What do the lines say from the start of the entries through the one containing "by apply: eq_big_nat"? Repeat them exactly.
══════════════════════════════
Lemma fgm_ybar_le_values N : (0 < N)%N ->
  N%:R * (N%:R + 3) * f (fgm_ybar L gf x0 N) <= values N.
Proof.
move=> N_gt0; pose w j : R := if j == N then (N%:R + 1) ^+ 2 else 1.
have sum_w (V : nmodType) (F : R -> nat -> V) :
    \sum_(1 <= j < N.+1) F (w j) j = \sum_(1 <= j < N) F 1 j + F ((N%:R + 1) ^+ 2) N.
  rewrite big_nat_recr //= /w eqxx; congr (_ + _).
  by apply: eq_big_nat => j /andP[_ jN]; rewrite ltn_eqF.
have sum_w1 : \sum_(1 <= j < N.+1) w j = N%:R * (N%:R + 3).
  by rewrite (sum_w _ (fun a _ => a)) sumr_const_nat natrB // -natr1; ring.
have := convex_grad_jensen f_grad f_convex (index_iota 1 N.+1) w Y (fgm_ybar L gf x0 N).
rewrite sum_w1 (sum_w _ (fun a j => a *: Y j)) (sum_w _ (fun a j => a * f (Y j))).
have c_neq0 : N%:R * (N%:R + 3) != 0 :> R.
  by rewrite mulf_neq0 ?pnatr_eq0 -?lt0n ?gt_eqF ?ltr_wpDl.
rewrite (eq_bigr _ (fun j _ => mul1r _)) (eq_bigr _ (fun j _ => scale1r _)).
rewrite /fgm_values [_ * f (Y N) + _]addrC; apply.
  by move=> j; rewrite /w; case: eqP; rewrite ?sqr_ge0.
by rewrite /fgm_ybar scalerA mulfV // scale1r.
Qed.

Lemma fgm_yz_in_ball {k j} : (j <= k)%N -> in_ball (Y j) /\ in_ball (Z j).
Proof.
elim: k j => [|k IH] j; first by rewrite leqn0 => /eqP ->; split; exact: lexx.
rewrite leq_eqVlt => /orP[/eqP ->|]; last exact: IH.
have values_ge : k.+1%:R * (k.+1%:R + 3) / (4 * L) * f xs <= values k.+1 / (4 * L).
  rewrite mulrAC ler_pM2r ?invr_gt0 ?mulr_gt0 //.
  apply: le_trans (fgm_ybar_le_values k.+1 isT); rewrite ler_wpM2l ?xs_min //.
have zB : in_ball (Z k.+1).
  have := fgm_values_le_model k.+1 xs isT IH.
  have := fgm_model_le_at_min k.+1.
  by rewrite enorm_leE; lra.
split => //; rewrite fgm_yS_convex; apply: ball_convex => //; first exact: tau_ge0_le1.
exact: (IH k (leqnn k)).1.
Qed.

Lemma fgm_in_ball k : in_ball (X k) /\ in_ball (Y k) /\ in_ball (Z k).
Proof.
split; last exact: fgm_yz_in_ball (leqnn k).
case: k => [|k]; first exact: lexx.
by have [yB zB] := fgm_yz_in_ball (leqnn k); exact: fgm_xS_in_ball.
Qed.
══════════════════════════════
◆ **RESULT BELOW**
Lemma fgm_ybar_le_values N : (0 < N)%N ->
  N%:R * (N%:R + 3) * f (fgm_ybar L gf x0 N) <= values N.
Proof.
move=> N_gt0; pose w j : R := if j == N then (N%:R + 1) ^+ 2 else 1.
have sum_w (V : nmodType) (F : R -> nat -> V) :
    \sum_(1 <= j < N.+1) F (w j) j = \sum_(1 <= j < N) F 1 j + F ((N%:R + 1) ^+ 2) N.
  rewrite big_nat_recr //= /w eqxx; congr (_ + _).
  by apply: eq_big_nat => j /andP[_ jN]; rewrite ltn_eqF.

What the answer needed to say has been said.